Let \(\mathbb{R}^d\) be the Euclidean \(d\)-dimensional space with the Euclidean norm \[|x|=\bigg(\sum_{j=1}^{d}|x_j|^2\bigg)^{1/2}=\sqrt{\langle x,x \rangle},\] which is induced by the standard inner product \[\langle x,y \rangle= x\cdot y= \bigg(\sum_{j=1}^{d}x_jy_j\bigg)^{1/2},\] for any \(x=(x_1,\ldots,x_d), y=(y_1,\ldots,y_d)\in\mathbb R^d\).
Jacobians If \(E \subseteq \mathbb{R}^d\) is open and \(f:E \to \mathbb{R}^d\) is differentiable at a point \(x \in E\), the determinant of the linear operator \(D_xf=f'(x)\) is called the Jacobian of \(f\) at \(x\in\mathbb R^d\) and denoted by \[J_f(x)=\det D_xf=\det f'(x).\] We shall also use the notation \[\frac{\partial (y_1,\ldots,y_d)}{\partial (x_1,\ldots,x_d)}=J_f(x) =\det \begin{bmatrix} \frac{\partial f_1}{\partial x_1} & \ldots & \frac{\partial f_1}{\partial x_d}\\ \vdots & \ddots & \vdots \\ \frac{\partial f_d}{\partial x_1} & \ldots & \frac{\partial f_d}{\partial x_d} \end{bmatrix}.\] if \((y_1,\ldots,y_d)=(f_1(x_1,\ldots,x_d), \ldots, f_d(x_1,\ldots,x_d))=f(x_1,\ldots,x_d)\).
In terms of Jacobians, the crucial hypothesis in the inverse function theorem is that \(J_f(x) \neq 0\).
We will investigate behavior of the Lebesgue integral under linear transformations. We will identify a linear map \(T:\mathbb{R}^d \to \mathbb{R}^d\) with the matrix \[(T_{ij})_{1\le i, j\le d}=(e_i \cdot Te_j)_{1\le i, j\le d},\] where \(\{e_j: 1\le j\le d\}\) is the standard basis in \(\mathbb{R}^d\).
We denote the determinant of this matrix by \(\det T\) and recall that \[\det(T \circ S)=(\det T)(\det S).\]

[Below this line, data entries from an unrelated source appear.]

(* Let $0<\beta<\zeta$ (so that $\xi_2(\beta)<\xi_1(\beta)$). For $C\in(\xi_2(\beta),\xi_1(\beta))$ let $z_f^C\in(0,d)$ be the unique point such that $F_{z_f^C}\mathbf 1_{[0,z_f^C]}+G_{C,z_f^C}\mathbf 1_{(z_f^C,d]}$ solves Problem 1 with derivative $0$ at $0$ and value $C$ at $d$, and let $z_g^C\in(d,\infty)$ be the unique point such that $H_{C,z_g^C}\mathbf 1_{[d,z_g^C]}+K_{z_g^C}\mathbf 1_{(z_g^C,\infty)}$ is bounded and solves Problem 2 with value $C$ at $d$. (i) The map $(\xi_2(\beta),\xi_1(\beta))\to\mathbb R$, $C\mapsto G_{C,z_f^C}'(d)$ is strictly increasing, and $G_{\xi_1(\beta),d}'(d)=-\beta$. (ii) The map $(\xi_2(\beta),\xi_1(\beta))\to\mathbb R$, $C\mapsto H_{C,z_g^C}'(d)$ is strictly decreasing, and $H_{\xi_2(\beta),d}'(d)=-\beta$.
   Context: Fix $\mu\in\mathbb R$, $\sigma>0$, $u_0>0$, $r>0$, $\beta>0$, $d>0$. For $u\in[0,u_0]$ let $\theta_1(u)=\frac{\sqrt{(\mu-u)^2+2r\sigma^2}+(\mu-u)}{\sigma^2}$, $\theta_2(u)=\frac{\sqrt{(\mu-u)^2+2r\sigma^2}-(\mu-u)}{\sigma^2}$; write $\alpha_i=\theta_i(u_0)$, $\gamma_i=\theta_i(0)$. Define $\zeta=\frac{\alpha_1\alpha_2(e^{\alpha_1d}-e^{-\alpha_2d})}{r(\alpha_1+\alpha_2)e^{\alpha_1d}}$, $\xi_1(\beta)=\frac{\beta u_0}{r}-\beta\frac{e^{\alpha_1d}+\frac{\alpha_1}{\alpha_2}e^{-\alpha_2d}}{\alpha_1(e^{\alpha_1d}-e^{-\alpha_2d})}$, $\xi_2(\beta)=\frac{\beta u_0-1}{r}+\frac{\beta}{\alpha_2}$. For $s\in(0,d]$, $t\ge d$, real $C$: $F_s(z)=\frac{\beta u_0}{r}-\beta\frac{e^{\alpha_1z}+\frac{\alpha_1}{\alpha_2}e^{-\alpha_2z}}{\alpha_1(e^{\alpha_1s}-e^{-\alpha_2s})}$; $G_{C,s}(z)=\frac{C\gamma_2e^{-\gamma_2(s-d)}-\beta}{\gamma_1e^{\gamma_1s}+\gamma_2e^{(\gamma_1+\gamma_2)d}e^{-\gamma_2s}}(e^{\gamma_1z}-e^{(\gamma_1+\gamma_2)d}e^{-\gamma_2z})+Ce^{-\gamma_2(z-d)}$; $H_{C,t}(z)=-\frac1r+\frac{C+\frac1r-\frac{\beta}{\gamma_2}e^{-\gamma_2(d-t)}}{e^{\gamma_1d}+\frac{\gamma_1}{\gamma_2}e^{(\gamma_1+\gamma_2)t}e^{-\gamma_2d}}(e^{\gamma_1z}+\frac{\gamma_1}{\gamma_2}e^{(\gamma_1+\gamma_2)t}e^{-\gamma_2z})+\frac{\beta}{\gamma_2}e^{-\gamma_2(z-t)}$; $K_t(z)=\frac{\beta u_0-1}{r}+\frac{\beta}{\alpha_2}e^{-\alpha_2(z-t)}$. Problem 1: a bounded $C^2$ function $f$ on $[0,d]$ with $-rf-\mu f'+\frac{\sigma^2}{2}f''+\sup_{u\in[0,u_0]}\{(\beta+f')u\}=0$ on $[0,d]$. Problem 2: a bounded $C^2$ function $g$ on $[d,\infty)$ with $-rg-\mu g'+\frac{\sigma^2}{2}g''+\sup_{u\in[0,u_0]}\{(\beta+g')u\}=1$ on $[d,\infty)$. (The existence and uniqueness of $z_f^C,z_g^C$ for $C$ in the stated interval is established in the paper.) *)

From Stdlib Require Import Reals.
From Coquelicot Require Import Coquelicot.
Open Scope R_scope.

Definition theta1 (mu sigma r u : R) : R :=
  (sqrt ((mu - u)^2 + 2 * r * sigma^2) + (mu - u)) / sigma^2.
Definition theta2 (mu sigma r u : R) : R :=
  (sqrt ((mu - u)^2 + 2 * r * sigma^2) - (mu - u)) / sigma^2.

Definition alpha1 mu sigma u0 r := theta1 mu sigma r u0.
Definition alpha2 mu sigma u0 r := theta2 mu sigma r u0.
Definition gamma1 mu sigma r := theta1 mu sigma r 0.
Definition gamma2 mu sigma r := theta2 mu sigma r 0.

Definition zeta (mu sigma u0 r d : R) : R :=
  let a1 := alpha1 mu sigma u0 r in let a2 := alpha2 mu sigma u0 r in
  a1 * a2 * (exp (a1 * d) - exp (- a2 * d)) / (r * (a1 + a2) * exp (a1 * d)).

Furthermore, \(\text{GL}(d,\mathbb{R})\) denotes the general linear group of invertible linear transformations of \(\mathbb{R}^d\).
Recall that every \(T \in {\rm GL}(d,\mathbb{R})\) can be written as the product of finitely many transformations of three elementary types:
\[T_1(x_1,\ldots,x_j,\ldots,x_d)=(x_1,\ldots,cx_j,\ldots,x_d),\]
\[T_2(x_1,\ldots,x_j,\ldots,x_d)=(x_1,\ldots,x_j+cx_k,\ldots,x_d), \quad \text{ for } \quad k \neq j,\]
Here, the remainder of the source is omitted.